SGD with a Constant Large Learning Rate Can Converge to Local Maxima
This work highlights potential pitfalls of SGD in deep learning for practitioners, though it is incremental as it focuses on constructed worst-case scenarios rather than typical training regimes.
The paper constructs worst-case optimization problems showing that stochastic gradient descent (SGD) with a constant large learning rate can converge to local maxima, escape saddle points arbitrarily slowly, prefer sharp minima over flat ones, and cause AMSGrad to converge to local maxima, with examples in neural network-like settings.

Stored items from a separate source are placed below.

Lemma tv_ge_of_separated (p q : R -> R) m alpha beta :
  (forall x, continuous p x) -> (forall x, continuous q x) ->
  (forall x, 0 <= p x) -> (forall x, 0 <= q x) ->
  is_RInt_sup p 1 -> is_RInt_sup q 1 ->
  (forall a, a <= m -> RInt q a m <= alpha) ->
  (forall b, m <= b -> RInt p m b <= beta) ->
  exists t, tv_is p q t /\ 1 - alpha - beta <= t.
Proof.
  intros pc qc p0 q0 p1 q1 q_left p_right.
  set (k := fun x => Rabs (p x - q x)).
  assert (kc : forall x, continuous k x)
    by (intros; apply continuous_Rabs_comp, continuous_Rminus; auto).
  destruct (ex_RInt_sup k 2) as [v Hv].
  { intros a b Hab.
    apply Rle_trans with (RInt (fun x => p x + q x) a b).
    - apply RInt_le_R; auto; [intros; apply continuous_Rplus; auto|].
      intros x _. unfold k. apply Rabs_le. pose proof (p0 x); pose proof (q0 x); lra.
    - rewrite RInt_Rplus by auto.
      pose proof (RInt_le_sup p 1 p1 a b Hab). pose proof (RInt_le_sup q 1 q1 a b Hab). lra. }
  exists (v / 2). split.
  { exists v. split; [|reflexivity].
    apply is_RInt_R_sup; auto. intros; apply Rabs_pos. }
  enough (2 - 2 * alpha - 2 * beta <= v) by lra.
  apply Rle_plus_epsilon. intros d Hd.
  destruct (RInt_sup_approx_around p 1 p1 pc p0 m m (d / 2)) as [a0 [b0 [Ha0 [Hb0 Hp]]]];
    [lra|lra|].
  destruct (RInt_sup_approx_around q 1 q1 qc q0 a0 b0 (d / 2)) as [a [b [Ha [Hb Hq]]]];
    [lra|lra|].
  pose proof (RInt_le_superinterval p pc p0 a0 b0 a b Ha ltac:(lra) Hb).
  pose proof (RInt_abs_sub_ge p q m a b pc qc ltac:(lra)).
  pose proof (RInt_le_sup k v Hv a b ltac:(lra)).
  pose proof (q_left a ltac:(lra)). pose proof (p_right b ltac:(lra)).
  unfold k in *. lra.
Qed.

Lemma exp_le_compat a b : a <= b -> exp a <= exp b.
Proof. intros [H|H]; [now apply Rlt_le, exp_increasing|rewrite H; lra]. Qed.

Lemma sqrt_2PI_bounds : 1 <= sqrt (2 * PI) <= 3.
Proof.
  pose proof PI2_3_2. pose proof PI_4. split.
  - rewrite <- sqrt_1. apply sqrt_le_1_alt. lra.
  - replace 3 with (sqrt (3 * 3)) by (rewrite sqrt_square; lra). apply sqrt_le_1_alt. lra.
Qed.

Definition gauss_kernel (x : R) : R := exp (- (x ^ 2) / 2).

Lemma gauss_kernel_pos x : 0 < gauss_kernel x.
Proof. apply exp_pos. Qed.

Lemma gauss_kernel_continuous x : continuous gauss_kernel x.
Proof. unfold gauss_kernel. continuous_by_derive. Qed.

Lemma gauss_kernel_le_inv x : 1 <= x -> gauss_kernel x <= / x.
Proof.
  intros Hx. unfold gauss_kernel.
  replace (- (x ^ 2) / 2) with (- (x ^ 2 / 2)) by field. rewrite exp_Ropp.
  apply Rinv_le_contravar; [lra|].
  pose proof (exp_ineq1_le (x ^ 2 / 2)). nra.
Qed.

Definition gauss_prim (x : R) : R := RInt gauss_kernel 0 x.

(* The classical evaluation of the Gaussian integral: [gauss_prim ^ 2 + 2 * gauss_param_int]
   is constant, by differentiation under the integral sign. *)
Definition gauss_param (x t : R) : R := exp (- (x ^ 2 * (1 + t ^ 2)) / 2) / (1 + t ^ 2).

Previous works on stochastic gradient descent (SGD) often focus on its success. In this work, we construct worst-case optimization problems illustrating that, when not in the regimes that the previous works often assume, SGD can exhibit many strange and potentially undesirable behaviors. Specifically, we construct landscapes and data distributions such that (1) SGD converges to local maxima, (2) SGD escapes saddle points arbitrarily slowly, (3) SGD prefers sharp minima over flat ones, and (4) AMSGrad converges to local maxima. We also realize results in a minimal neural network-like example. Our results highlight the importance of simultaneously analyzing the minibatch sampling, discrete-time updates rules, and realistic landscapes to understand the role of SGD in deep learning.